→ TASK
The lines to be extracted run from the start of the listing through the line containing "connect (eadj E) v w && (w != v)."; copy them exactly and nothing else.

→ RECORDS PROVIDED

※

(* Let $G$ be a finite connected graph containing two distinct cycles, and suppose $\mathrm{cat}(G)=3$. Then $|V(G)|=6$ and $G$ consists of two vertex-disjoint triangles together with a single edge joining a vertex of one triangle to a vertex of the other.
   Context: Cat Herding is played on a simple graph $G$. The cat first places its token on a vertex. Then the players alternate, the herder moving first: the herder deletes one edge of the current graph, and then, unless the cat's current vertex has degree $0$ in the current graph, the cat moves its token along a path with at least one edge in the current graph to a different vertex. The cat is captured when its vertex has degree $0$ in the current graph, and the game ends; the score is the number of edges deleted. For a finite graph $G$ and $v\in V(G)$, $\mathrm{cat}(G,v)$ is the score under optimal play (herder minimizing, cat maximizing) when the cat starts at $v$, and $\mathrm{cat}(G)=\max_{v}\mathrm{cat}(G,v)$. *)

From mathcomp Require Import all_boot.
Set Implicit Arguments. Unset Strict Implicit. Unset Printing Implicit Defensive.

Section CatHerding.
Variable T : finType.

Definition simple_graph (adj : rel T) : Prop :=
  symmetric adj /\ irreflexive adj.

Definition edges (adj : rel T) : {set {set T}} :=
  [set E : {set T} | [exists x, exists y, adj x y && (E == [set x; y])]].

(* The current graph is given by its remaining edge set E (2-sets). *)
Definition deg (E : {set {set T}}) (v : T) : nat := #|[set f in E | v \in f]|.

Definition eadj (E : {set {set T}}) : rel T := fun x y => [set x; y] \in E.

Definition cat_move (E : {set {set T}}) (v w : T) : bool :=
  connect (eadj E) v w && (w != v).
(* Let $p$ be an odd prime, $t,s$ positive integers, $r=p^t$, $q=r^s$, $T=q+1$, let $\eta$ be the quadratic multiplicative character of $\mathbb{F}_r$ (with $\eta(0)=0$), and let $\chi(x)=\zeta_p^{\mathrm{Tr}_{q^2/p}(x)}$ ($\zeta_p=e^{2\pi i/p}$) be the canonical additive character of $\mathbb{F}_{q^2}$. For $a\in\mathbb{F}_{q^2}^*$ let $$Q=\sum_{x\in\mathbb{F}_{q^2}}\chi(ax)\,\eta(\mathrm{Tr}_{q/r}(x^T)).$$ Then $Q=0$ if $\mathrm{Tr}_{q/r}(a^T)=0$, and $Q=-q\,\eta(-\mathrm{Tr}_{q/r}(a^T))$ if $\mathrm{Tr}_{q/r}(a^T)\neq0$.
   Context: $\mathrm{Tr}_{q/r}$ is the trace from $\mathbb{F}_q$ to $\mathbb{F}_r$ and $\mathrm{Tr}_{q^2/p}$ the absolute trace of $\mathbb{F}_{q^2}$; note $x^{q+1}\in\mathbb{F}_q$ for $x\in\mathbb{F}_{q^2}$. *)

From mathcomp Require Import all_boot all_algebra all_field.
Set Implicit Arguments. Unset Strict Implicit. Unset Printing Implicit Defensive.
Import GRing.Theory.
Local Open Scope ring_scope.

Definition relTr (L : finFieldType) (r s : nat) (y : L) : L :=
  \sum_(i < s) y ^+ (r ^ i).

Definition absTr (L : finFieldType) (p n : nat) (x : L) : L :=
  \sum_(i < n) x ^+ (p ^ i).

(* Canonical additive character chi(x) = zeta^(Tr(x)), where Tr(x) in F_p is
   identified with the unique k < p with k%:R = Tr(x). *)
Definition addChar (L : finFieldType) (p n : nat) (zeta : algC) (x : L) : algC :=
  if [pick k : 'I_p | (k%:R : L) == absTr p n x] is Some k then zeta ^+ k else 0.

(* Quadratic character eta of the subfield F_r = {z in L | z^r = z},
   with eta(0) = 0; applied to elements y of F_r. *)
Definition qchar (L : finFieldType) (r : nat) (y : L) : algC :=
  if y == 0 then 0
  else if [exists z : L, (z ^+ r == z) && (z ^+ 2 == y)] then 1 else -1.

(* For v in F_r, eta(v) + 1 is the number of square roots of v in F_r, and
   orthogonality of a nontrivial additive character psi of F_r writes this count
   as r^-1 sum_(u, c in F_r) psi (c (u^2 - v)).  Taking psi y = chi (theta y) with
   Tr_{q/r}(theta) = 1 gives psi (c Tr_{q/r}(y)) = chi (c y) for y in F_q, so
   after this expansion Q becomes a combination, over c in F_r^*, of the sums
   sum_x chi (a x - c x^(q+1)) = -q chi (a^(q+1) / (4 c)); these follow by
   completing the norm form, since the norm maps L^* onto F_q^* with fibers of
   size q + 1.  The substitutions u -> u / (2 c) and c -> 1 / (4 c) then turn
   what is left back into the square-root count of -Tr_{q/r}(a^T). *)

From mathcomp Require Import all_boot all_algebra all_field.
From mathcomp Require Import ring zify.
Set Implicit Arguments. Unset Strict Implicit. Unset Printing Implicit Defensive.
Import GRing.Theory Num.Theory.
Local Open Scope ring_scope.

Section RootCounting.
Variable R : finIdomainType.

Lemma card_roots_lt (P : {poly R}) (S : pred R) :
  P != 0 -> {in S, forall z, root P z} -> (#|S| < size P)%N.
Proof.
move=> P_neq0 rootS; rewrite cardE max_poly_roots ?enum_uniq //.
by apply/allP => z; rewrite mem_enum => /rootS.
Qed.

Lemma card_expr_eq_le (m : nat) (z : R) :
  (0 < m)%N -> (#|[pred y : R | y ^+ m == z]| <= m)%N.
Proof.
move=> m_gt0; have sizeP := size_XnsubC z m_gt0.
rewrite -ltnS -sizeP card_roots_lt -?size_poly_eq0 ?sizeP // => y.
by rewrite inE /root !hornerE subr_eq0.
Qed.

Lemma card_expr_fixed_le (e : nat) :
  (1 < e)%N -> (#|[pred z : R | z ^+ e == z]| <= e)%N.
Proof.
move=> e_gt1; have sizeP : size ('X^e - 'X : {poly R}) = e.+1.
  by rewrite size_polyDl ?size_polyXn // size_polyN size_polyX ltnS.
rewrite -ltnS -sizeP card_roots_lt -?size_poly_eq0 ?sizeP // => z.
by rewrite inE /root !hornerE subr_eq0.
Qed.

(* The polynomial [\sum_(i < k) 'X^(m ^ i)] is nonzero of degree m ^ k.-1 < #|R|. *)
Lemma exists_expn_sum_neq0 (m k : nat) :
  (1 < m)%N -> (0 < k)%N -> #|R| = (m ^ k)%N ->
  exists x : R, \sum_(i < k) x ^+ (m ^ i) != 0.
Proof.
move=> m_gt1 k_gt0 cardR; apply/existsP; rewrite -negb_forall.
apply/negP => /forallP sum_eq0.
pose P : {poly R} := \sum_(i < k) 'X^(m ^ i).
have P_neq0 : P != 0.
  have lt_k1_k : (k.-1 < k)%N by rewrite ltn_predL.
  apply/eqP => /(congr1 (fun P : {poly R} => P`_(m ^ k.-1))).
  rewrite coef_sum coef0 (bigD1 (Ordinal lt_k1_k)) //= coefXn eqxx big1 ?addr0.
    by move/eqP; rewrite oner_eq0.
  move=> i /eqP neq_i; rewrite coefXn eqn_exp2l //.
  by case: eqP => // eq_i; case: neq_i; apply: val_inj.
have sizeP : (size P <= (m ^ k.-1).+1)%N.
  rewrite (leq_trans (size_sum _ _ _)) //; apply/bigmax_leqP => i _.
  by rewrite size_polyXn ltnS leq_exp2l // -ltnS prednK.
have rootP z : z \in predT -> root P z.
  by move=> _; rewrite /root horner_sum; under eq_bigr do rewrite hornerXn; apply: sum_eq0.
have := leq_trans (card_roots_lt P_neq0 rootP) sizeP.
rewrite cardT -cardE cardR -{1}(prednK k_gt0) expnS ltnS leqNgt ltn_Pmull //.
by rewrite expn_gt0 (ltn_trans _ m_gt1).
Qed.
(* Let $d\ge2$ be an integer, $p\in(0,1]$, $\lambda\in(0,1)$, $b=1-(1-p)\lambda$, and let $\bar F$ be the solution of $\bar F'(w)=\lambda(p\bar F(w)^d+(1-p)\bar F(w))-\bar F(w)$, $\bar F(0)=\lambda$. Then $$\int_0^\infty\bar F(w)\,dw=\frac{\lambda}{b}\sum_{n=0}^\infty\frac1{1+n(d-1)}\left(\frac{p\lambda^d}{b}\right)^n.$$ In particular, for $d=2$, $\int_0^\infty\bar F(w)\,dw=-\frac{\log\left(1-\frac{p\lambda^2}{b}\right)}{p\lambda}$.
   Context: $\int_0^\infty\bar F(w)\,dw$ is the mean workload (equivalently the mean queue length) of a server under the LL($d,p$) policy. *)

From Stdlib Require Import Reals.
From Coquelicot Require Import Coquelicot.
Open Scope R_scope.

Definition is_LL_solution (d : nat) (p lam : R) (F : R -> R) : Prop :=
  (forall w, 0 < w ->
     is_derive F w (lam * (p * F w ^ d + (1 - p) * F w) - F w)) /\
  filterlim F (at_right 0) (locally (F 0)) /\
  F 0 = lam.

(* Write d = e + 2 and b = 1 - (1 - p) lam.  The right-hand side of the ODE
   factors as  lam (p y^d + (1 - p) y) - y = - y r(y)  with the rate
   r(y) = b - lam p y^(d-1), which is at least the gap c = b - p lam^d > 0
   on [-lam, lam]. *)

From Stdlib Require Import Reals Lra Lia Psatz.
From Coquelicot Require Import Coquelicot.
Open Scope R_scope.

Definition continuous_on_nonneg (g : R -> R) : Prop :=
  forall t, 0 <= t -> forall eps, 0 < eps -> exists del, 0 < del /\
    forall s, 0 <= s -> Rabs (s - t) < del -> Rabs (g s - g t) < eps.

※

→ WRITTEN SOLUTION
(* Let $G$ be a finite connected graph containing two distinct cycles, and suppose $\mathrm{cat}(G)=3$. Then $|V(G)|=6$ and $G$ consists of two vertex-disjoint triangles together with a single edge joining a vertex of one triangle to a vertex of the other.
   Context: Cat Herding is played on a simple graph $G$. The cat first places its token on a vertex. Then the players alternate, the herder moving first: the herder deletes one edge of the current graph, and then, unless the cat's current vertex has degree $0$ in the current graph, the cat moves its token along a path with at least one edge in the current graph to a different vertex. The cat is captured when its vertex has degree $0$ in the current graph, and the game ends; the score is the number of edges deleted. For a finite graph $G$ and $v\in V(G)$, $\mathrm{cat}(G,v)$ is the score under optimal play (herder minimizing, cat maximizing) when the cat starts at $v$, and $\mathrm{cat}(G)=\max_{v}\mathrm{cat}(G,v)$. *)

From mathcomp Require Import all_boot.
Set Implicit Arguments. Unset Strict Implicit. Unset Printing Implicit Defensive.

Section CatHerding.
Variable T : finType.

Definition simple_graph (adj : rel T) : Prop :=
  symmetric adj /\ irreflexive adj.

Definition edges (adj : rel T) : {set {set T}} :=
  [set E : {set T} | [exists x, exists y, adj x y && (E == [set x; y])]].

(* The current graph is given by its remaining edge set E (2-sets). *)
Definition deg (E : {set {set T}}) (v : T) : nat := #|[set f in E | v \in f]|.

Definition eadj (E : {set {set T}}) : rel T := fun x y => [set x; y] \in E.

Definition cat_move (E : {set {set T}}) (v w : T) : bool :=
  connect (eadj E) v w && (w != v).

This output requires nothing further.